═════ MATERIALS PROVIDED

(* Let $q$ be a prime power and let $\mathcal{C}$ be a $\mathcal{GRS}(n,k,d)$ code over $\mathbb{F}_q$ with $d=n-k+1$, distinct evaluation points $\alpha_0,\dots,\alpha_{n-1}\in\mathbb{F}_q$ and non-zero column multipliers $v_0,\dots,v_{n-1}$. Let $\vec c\in\mathcal{C}$ and $\vec r\in\mathbb{F}_q^n$, let $E=\{i : c_i\neq r_i\}$, $\epsilon=|E|$, and assume $\epsilon>d/2$. Let $\Lambda(x)=\prod_{i\in E}(x-\alpha_i)$. Let $H_1(x),H_2(x)\in\mathbb{F}_q[x]$ be coprime polynomials and $A(x),B(x)\in\mathbb{F}_q[x]$ polynomials such that $$\Lambda(x)=A(x)H_1(x)+B(x)H_2(x),\qquad \deg A=\epsilon-\deg H_1,\qquad \deg B\le \epsilon-d+\deg H_1 .$$ Let $L\le n$, $\tau$ and $\tau_L$ be positive integers, put $w_1=\tau-\deg H_1$ and $w_2=\tau-d+\deg H_1$, and assume $w_1,w_2\ge 0$. For $i=0,\dots,L-1$ let $P_i=(H_2(\alpha_i):-H_1(\alpha_i))\in\mathbb{P}^1_{\mathbb{F}_q}$. If $$\tau_L^2>L(2\tau-d),$$ then there exist positive integers $s,\ell$ and a non-zero polynomial $Q(x,y,z)=\sum_{j=0}^{\ell}Q_j(x)y^jz^{\ell-j}$ with $Q_j\in\mathbb{F}_q[x]$ such that $Q$ has a zero of multiplicity at least $s$ at $(\alpha_i,P_i)$ for every $i=0,\dots,L-1$ and $\deg_{(1,w_1,w_2)}Q<s\tau_L$. Furthermore, letting $\epsilon_L=|E\cap\{0,\dots,L-1\}|$, if $\epsilon=\tau$ and $\epsilon_L=\tau_L$, then every such $Q$ satisfies $Q(x,A(x),B(x))=0$.
   Context: A generalised Reed–Solomon code $\mathcal{GRS}(n,k,d)$ over $\mathbb{F}_q$ is $\{(v_0C(\alpha_0),\dots,v_{n-1}C(\alpha_{n-1})) : C\in\mathbb{F}_q[x],\ \deg C<k\}$. In the paper, $H_1,H_2$ are intermediate polynomials of the Extended Euclidean Algorithm run on $x^{d-1}$ and the syndrome polynomial of $\vec r$, and positions are indexed so that positions $0,\dots,L-1$ are the $L$ least reliable ones; only the stated properties are used. Points of $\mathbb{P}^1_{\mathbb{F}_q}$ are pairs $(a:b)\neq(0:0)$ up to non-zero scalar multiples. The $(1,w_1,w_2)$-weighted degree of $x^uy^jz^h$ is $u+w_1j+w_2h$, and of a polynomial the maximum over its monomials. A homogeneous $Q(x,y,z)$ has a zero of multiplicity at least $s$ at $(\alpha,(a:b))\in\mathbb{F}_q\times\mathbb{P}^1_{\mathbb{F}_q}$ if: when $b\neq0$, the polynomial $Q(x+\alpha,\,y+a/b,\,1)\in\mathbb{F}_q[x,y]$ has no monomial $x^uy^v$ with $u+v<s$; when $b=0$, the polynomial $Q(x+\alpha,1,z+0)\in\mathbb{F}_q[x,z]$ has no monomial $x^uz^v$ with $u+v<s$. *)

From HB Require Import structures.
From mathcomp Require Import all_boot all_order all_algebra all_field.
Set Implicit Arguments. Unset Strict Implicit. Unset Printing Implicit Defensive.
Import Order.TTheory GRing.Theory Num.Theory.
Local Open Scope ring_scope.

(* A homogeneous polynomial Q(x,y,z) = \sum_{j=0}^{l} Q_j(x) y^j z^(l-j)
   is represented by l and its coefficient family Qs : 'I_l.+1 -> {poly F}. *)

(* Q(x+alpha, y+c, 1) as a bivariate polynomial: outer variable y,
   inner coefficients are polynomials in x. *)
Definition dehom_z (F : fieldType) (l : nat) (Qs : 'I_l.+1 -> {poly F})
  (alpha c : F) : {poly {poly F}} :=
  \sum_(j < l.+1) (Qs j \Po ('X + alpha%:P))%:P * ('X + c%:P%:P) ^+ j.

(* Q(x+alpha, 1, z+0) as a bivariate polynomial: outer variable z. *)
Definition dehom_y (F : fieldType) (l : nat) (Qs : 'I_l.+1 -> {poly F})
  (alpha : F) : {poly {poly F}} :=
  \sum_(j < l.+1) (Qs j \Po ('X + alpha%:P))%:P * 'X ^+ (l - j).

Definition no_low_monomials (F : fieldType) (P : {poly {poly F}}) (s : nat) :=
  forall u v : nat, (u + v < s)%N -> (P`_v)`_u = 0.

(* Q has a zero of multiplicity at least s at (alpha, (a:b)). *)
Definition mult_at_least (F : fieldType) (l : nat) (Qs : 'I_l.+1 -> {poly F})
  (alpha a b : F) (s : nat) : Prop :=
  if b != 0 then no_low_monomials (dehom_z Qs alpha (a / b)) s
  else no_low_monomials (dehom_y Qs alpha) s.

Definition wdeg_lt (F : fieldType) (l : nat) (Qs : 'I_l.+1 -> {poly F})
  (w1 w2 bound : int) : Prop :=
  forall (j : 'I_l.+1) (u : nat), (Qs j)`_u != 0 ->
    (u%:Z + w1 * (j : nat)%:Z + w2 * (l - j)%N%:Z < bound)%R.

Definition hpoly_nonzero (F : fieldType) (l : nat) (Qs : 'I_l.+1 -> {poly F}) :=
  exists j, Qs j != 0.

Definition hsubst (F : fieldType) (l : nat) (Qs : 'I_l.+1 -> {poly F})
  (A B : {poly F}) : {poly F} :=
  \sum_(j < l.+1) Qs j * A ^+ j * B ^+ (l - j).

From HB Require Import structures.
From mathcomp Require Import all_boot all_order all_algebra all_field.
From mathcomp Require Import zify ring.
Set Implicit Arguments.
Unset Strict Implicit.
Unset Printing Implicit Defensive.
Import Order.TTheory GRing.Theory Num.Theory.

(* Existence: a zero of multiplicity s at the L points imposes L s (s + 1) / 2
   linear conditions on the coefficients of Q, while at least
   (l + 1) (s tauL - (w1 + w2) l / 2) monomials have weighted degree below
   s tauL; since w1 + w2 = 2 tau - d and tauL ^ 2 > L (2 tau - d), the unknowns
   outnumber the conditions for suitable s and l.
   Vanishing: at an error position Lambda (alpha_i) = 0 forces
   (A (alpha_i) : B (alpha_i)) = P_i, so (x - alpha_i) ^ s divides Q (x, A, B).
   The tauL error positions among the first L give s tauL roots counted with
   multiplicity, while the weighted degree bound keeps deg Q (x, A, B) below
   s tauL. *)

Lemma card_pairs (A B : finType) (P : A -> B -> bool) :
  #|[set p : A * B | P p.1 p.2]| = \sum_(a : A) #|[set b | P a b]|.
Proof.
rewrite -sum1_card (eq_bigl (fun p : A * B => true && P p.1 p.2)) => [|p]; last by rewrite inE.
rewrite -(pair_big_dep xpredT P (fun _ _ => 1)); apply: eq_bigr => a _.
by rewrite -sum1_card; apply: eq_bigl => b; rewrite inE.
Qed.

Lemma card_ord_lt N m : #|[set u : 'I_N | u < m]| = minn m N.
Proof.
rewrite -sum1_card big_mkcond /= (eq_bigr (fun u : 'I_N => nat_of_bool (u < m))) => [|u _];
  last by rewrite inE; case: (u < m).
rewrite -(big_mkord xpredT (fun u => nat_of_bool (u < m))).
elim: N => [|N IHN]; first by rewrite big_geq ?minn0.
by rewrite big_nat_recr //= IHN; case: (ltnP N m) => /=; lia.
Qed.

Lemma sum_ord_double l : \sum_(j < l.+1) j * 2 = l * l.+1.
Proof. by elim: l => [|l IHl]; rewrite ?big_ord1 // big_ord_recr /= IHl; lia. Qed.

Lemma sum_ord_rev_double l : \sum_(j < l.+1) (l - j) * 2 = l * l.+1.
Proof.
rewrite -sum_ord_double (reindex_inj rev_ord_inj); apply: eq_bigr => j _.
by rewrite /= subSS subKn // -ltnS.
Qed.

Lemma sum_weights_double l n1 n2 :
  (\sum_(j < l.+1) (n1 * j + n2 * (l - j))) * 2 = (n1 + n2) * (l * l.+1).
Proof.
rewrite big_distrl (eq_bigr (fun j : 'I_l.+1 => n1 * (j * 2) + n2 * ((l - j) * 2)))
  => [|j _]; last by rewrite -[LHS]/((n1 * j + n2 * (l - j)) * 2) mulnDl !mulnA.
by rewrite big_split -!big_distrr /= sum_ord_double sum_ord_rev_double mulnDl.
Qed.

(* For W > 0, the choice s = t W, l = t T with t = L + 1 reduces the
   inequality to L (t W + 1) < T (t T + 1), which follows from L W < T ^ 2. *)
Lemma exists_interpolation_params L W T : 0 < T -> L * W < T ^ 2 ->
  exists s l, [/\ 0 < s, 0 < l & L * (s * s.+1) + W * (l * l.+1) < 2 * (l.+1 * (s * T))].
Proof.
move=> T_gt0 LW_lt.
have [->|W_gt0] := posnP W; first by exists 1, L.+1; split=> //; nia.
set t := L.+1; exists (t * W), (t * T); split; [nia|nia|].
have key : L * (t * W).+1 < T * (t * T).+1.
  have : t * (L * W).+1 <= t * T ^ 2 by rewrite leq_mul2l LW_lt orbT.
  rewrite /t; nia.
have -> : L * (t * W * (t * W).+1) + W * (t * T * (t * T).+1) =
          t * W * (L * (t * W).+1 + T * (t * T).+1) by ring.
have -> : 2 * ((t * T).+1 * (t * W * T)) = t * W * (2 * (T * (t * T).+1)) by ring.
by rewrite ltn_pmul2l ?muln_gt0 ?W_gt0 //; lia.
Qed.

Local Open Scope ring_scope.

Section IdomainDivisibility.
Variable R : idomainType.
Implicit Types p q d : {poly R}.

Lemma dvdp_sum (I : Type) (r : seq I) (P : pred I) d (G : I -> {poly R}) :
  (forall i, P i -> d %| G i) -> d %| \sum_(i <- r | P i) G i.
Proof. by move=> dG; elim/big_ind: _ => // x y; apply: dvdp_add. Qed.

Lemma Xn_dvdp_low_coef m p : (forall u, (u < m)%N -> p`_u = 0) -> 'X^m %| p.
Proof.
move=> p_low; rewrite -(poly_take_drop m p).
suff -> : take_poly m p = 0 by rewrite add0r dvdp_mull.
by apply/polyP => i; rewrite coef_take_poly coef0; case: ifP => // /p_low.
Qed.

Lemma Xn_dvdp_exp m p : p`_0 = 0 -> 'X^m %| p ^+ m.
Proof.
move=> p0; apply: dvdp_exp2r; apply: (@Xn_dvdp_low_coef 1) => u.
by rewrite ltnS leqn0 => /eqP ->.
Qed.

Lemma Xn_dvdp_mul k m p q : 'X^(k - m) %| p -> 'X^m %| q -> 'X^k %| p * q.
Proof.
move=> dp dq; apply: dvdp_trans (dvdp_mul dp dq).
by rewrite -exprD; apply: dvdp_exp2l; lia.
Qed.

Lemma dvdp_XsubC_exp_shift a s p :
  'X^s %| p \Po ('X + a%:P) -> ('X - a%:P) ^+ s %| p.
Proof.
move=> dvd_p; rewrite -[p](comp_polyXaddC_K _ a) -comp_Xn_poly.
exact: dvdp_comp_poly.
Qed.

══════════

(TASK STATEMENT) From the data above, copy each line that holds "forall".

(TASK ANSWER)
  forall u v : nat, (u + v < s)%N -> (P`_v)`_u = 0.
  forall (j : 'I_l.+1) (u : nat), (Qs j)`_u != 0 ->
  (forall i, P i -> d %| G i) -> d %| \sum_(i <- r | P i) G i.
Lemma Xn_dvdp_low_coef m p : (forall u, (u < m)%N -> p`_u = 0) -> 'X^m %| p.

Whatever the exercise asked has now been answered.